The recent ‘Panama Papers’ expose has shown a dream to the news media in Naga society—that collaboration in research has far reaching impact on how professionals can hold accountable the misdeeds of the rich and powerful that enables the latter to create an unequal and oppressive society.  

In the biggest global expose of its kind on the widespread system of global tax evasion, more than 370 journalists (working in 25 languages) from 100 news/media organisations in about 80 countries collaborated through a non-profit network, the International Consortium of Investigative Journalists (ICIJ). Across borders, these journalists came together to unearth 11.5 million records of offshore entities and trusts belonging to individuals and companies in more than 170 places, including the Indian Union. They have produced data worth more than 2.6 terabytes.  

The individuals and companies exposed include the mega rich and tax offenders, politicians and celebrities, athletes and business executives, who have invested in tax havens such as the British Virgin Islands, the Cook Islands, Samoa and other offshore hideaways. The data has prompted authorities across the globe to open investigations of the world’s rich and powerful.

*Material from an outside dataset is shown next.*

(* The following decision problem is undecidable: given a transition system $T=(V,\mathit{Init},\mathit{TR})$ and a safety property $P$, all expressed in QFLIA, decide whether there exists an inductive invariant for $T$ and $P$ that is itself a QFLIA formula over $V$. In other words, there is no algorithm that, on every such input $(T,P)$, correctly answers whether a QFLIA inductive invariant for $T$ and $P$ exists.
   Context: QFLIA (quantifier-free linear integer arithmetic) formulas are built from integer-valued variables, integer constants, addition, multiplication by integer constants, the relations $=,<,\le$, and Boolean connectives, with no quantifiers; all variables range over $\mathbb{Z}$. A transition system is a tuple $T=(V,\mathit{Init},\mathit{TR})$ where $V$ is a finite set of integer variables, $\mathit{Init}$ is a QFLIA formula over $V$, and $\mathit{TR}$ is a QFLIA formula over $V\uplus V'$, where $V'=\{v' : v\in V\}$ is a primed copy of $V$. A state is an assignment $V\to\mathbb{Z}$. The initial states are those satisfying $\mathit{Init}$. A pair of states $(s,t)$ is a transition if $\mathit{TR}$ holds when unprimed variables take their values from $s$ and primed variables from $t$. Reachable states are those reachable from an initial state by finitely many transitions. A safety property is a QFLIA formula $P$ over $V$. We write $T\models P$ if every reachable state satisfies $P$. An inductive invariant for $T$ and $P$ is a formula $I$ over $V$ such that: (i) $\mathit{Init}\to I$ is valid; (ii) $I\wedge \mathit{TR}\to I'$ is valid, where $I'$ is obtained from $I$ by replacing each $v\in V$ with $v'$; and (iii) $I\to P$ is valid. *)

From Stdlib Require Import ZArith List Arith.
Import ListNotations.
Open Scope Z_scope.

  Senior members at the ICIJ admitted that the success of the leaks have been the ability of the news organisations and journalists to share information; to work in the spirit of collaboration. Journalists maintained the ethics of team work and patience amidst sharing sources and detailed records since 2013 till all the organisations could compile the stories and publish them simultaneously on Sunday, April 3.  

Given the pitfalls of an increasingly profit-driven industry, this must have been a herculean task. Added to this are the risks of investigative journalism. It requires thorough research, attribution and fact checking, following subjects, etc. With a long period invested in investigations, such stories need to encompass all possible facts and angles. That journalists and news organisations which produced the Panama Papers could manage all this through collaborative journalism (with the help of the internet) seems, from here, like shrinking the moon and pursing it too.  

Nagaland’s readers often complain of the lack of investigative journalism in the State. It is hard to say if this is hunger for juicy news or the want for information to initiate change in society—given the detailed, and probably tip-of-the-iceberg, revelations made by the Comptroller & Auditor General of India and the public reaction therein, one is moved to believe the former.  

Nonetheless, the Panama Papers reveal a strategy that the news organisations can follow to break the cycle of corrupt impunity, injustice and oppression in Nagaland. Newspapers in Nagaland are in a good place to collaborate on big tip offs when they come by, putting their journalists together in an operation that could unearth the massive amounts—both cash and kind—that have currently been going through the black hole. It could later be extended to larger works. This collaboration could mean beyond just exposing information, but provide the much needed united front that could ward off expected violence—physical, mental, tribal—that make the media deter from publishing such stories in the first place. This opportunity should not be lost for want of political will, cooption, fear, maintaining power balance or ego that tramples on the ability to share.